REQUIRED WORK ::
Transcribe the line with "From Stdlib Require" and all the lines that follow it in the material below, exactly as they stand.

INFORMATION PROVIDED ::
☆ ☆ ☆ ☆ ☆
(* Let $l,m$ be positive integers, $n=l+m$, $k=\operatorname{lcm}(l,m)$, let $\alpha_1,\dots,\alpha_l,\beta_1,\dots,\beta_m\ge 0$ be given (in this order), not all zero, with $\alpha_1+\dots+\alpha_l=\beta_1+\dots+\beta_m$, put $\boldsymbol\nu=(\alpha_1,\dots,\alpha_l,-\beta_1,\dots,-\beta_m)$, and let $\boldsymbol\rho=(\rho_1,\dots,\rho_k)$ with every $\rho_i>1$. Then there are unique $k$-tuples of real numbers $(u_0,\dots,u_{k-1})$ and $(v_0,\dots,v_{k-1})$ such that, with the points ${\bf a}_r^t,{\bf b}_r^t$ and segments $\mathcal A_r^t,\mathcal B_r^t$ defined from them as in the context, every segment $\mathcal A_r^t$ ($0\le r<k$, $t\in\mathbb Z$) has slope $\alpha_{r+1}$, every segment $\mathcal B_r^t$ ($0\le r<k$, $t\in\mathbb Z$) has slope $-\beta_{r+1}$, and the set $$\mathcal G(\boldsymbol\nu,\boldsymbol\rho)=\{{\bf 0}\}\cup\bigcup_{t\in\mathbb Z}\bigcup_{0\le r<k}\left(\mathcal A_r^t\cup\mathcal B_r^t\right)\subset\mathbb R^2$$ is a regular $\boldsymbol\nu$-graph.
   Context: Indexing conventions: for an integer $r$, $\alpha_r:=\alpha_i$ where $1\le i\le l$ and $r\equiv i\pmod l$; $\beta_r:=\beta_j$ where $1\le j\le m$ and $r\equiv j\pmod m$; $\rho_r:=\rho_h$ where $1\le h\le k$ and $r\equiv h\pmod k$. Set $\sigma_0=1$, $\sigma_r=\rho_1\cdots\rho_r$ for $1\le r\le k$, $\tau=\sigma_k=\rho_1\cdots\rho_k$, and for arbitrary $r=sk+h$ with $s\in\mathbb Z$, $0\le h<k$, set $\sigma_r=\tau^s\sigma_h$, $u_r=u_h$, $v_r=v_h$. For $r,t\in\mathbb Z$ define points ${\bf a}_r^t=\tau^t\sigma_r(1,u_r)$ and ${\bf b}_r^t=\tau^t\sigma_r(1,v_r)$ in $\mathbb R^2$, and for $0\le r<k$, $t\in\mathbb Z$ the closed line segments $\mathcal A_r^t=[{\bf a}_r^t,{\bf b}_{r+l}^t]$ and $\mathcal B_r^t=[{\bf b}_r^t,{\bf a}_{r+m}^t]$. A $\boldsymbol\nu$-system is an $n$-tuple of functions $P_1,\dots,P_n:[0,\infty)\to\mathbb R$ which are continuous, satisfy $P_1\le P_2\le\dots\le P_n$ and $P_1(0)=\dots=P_n(0)=0$, are piecewise linear with only finitely many linear pieces in any interval with positive endpoints, have slopes among $\alpha_1,\dots,\alpha_l,-\beta_1,\dots,-\beta_m$, and such that on every interval where each $P_i$ is linear, the slopes of $P_1,\dots,P_n$ are the numbers $\alpha_1,\dots,\alpha_l,-\beta_1,\dots,-\beta_m$ in some order. A $\boldsymbol\nu$-graph is the union of the graphs of the functions of a $\boldsymbol\nu$-system. A $\boldsymbol\nu$-system (and its graph) is regular if the graph is invariant under the map $\boldsymbol\eta\mapsto\tau'\boldsymbol\eta$ of $\mathbb R^2$ for some $\tau'>1$. *)

From Stdlib Require Import Reals ZArith Arith List Permutation.
Open Scope R_scope.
☆ ☆ ☆ ☆ ☆
RESPONSE AREA ::
From Stdlib Require Import Reals ZArith Arith List Permutation.
Open Scope R_scope.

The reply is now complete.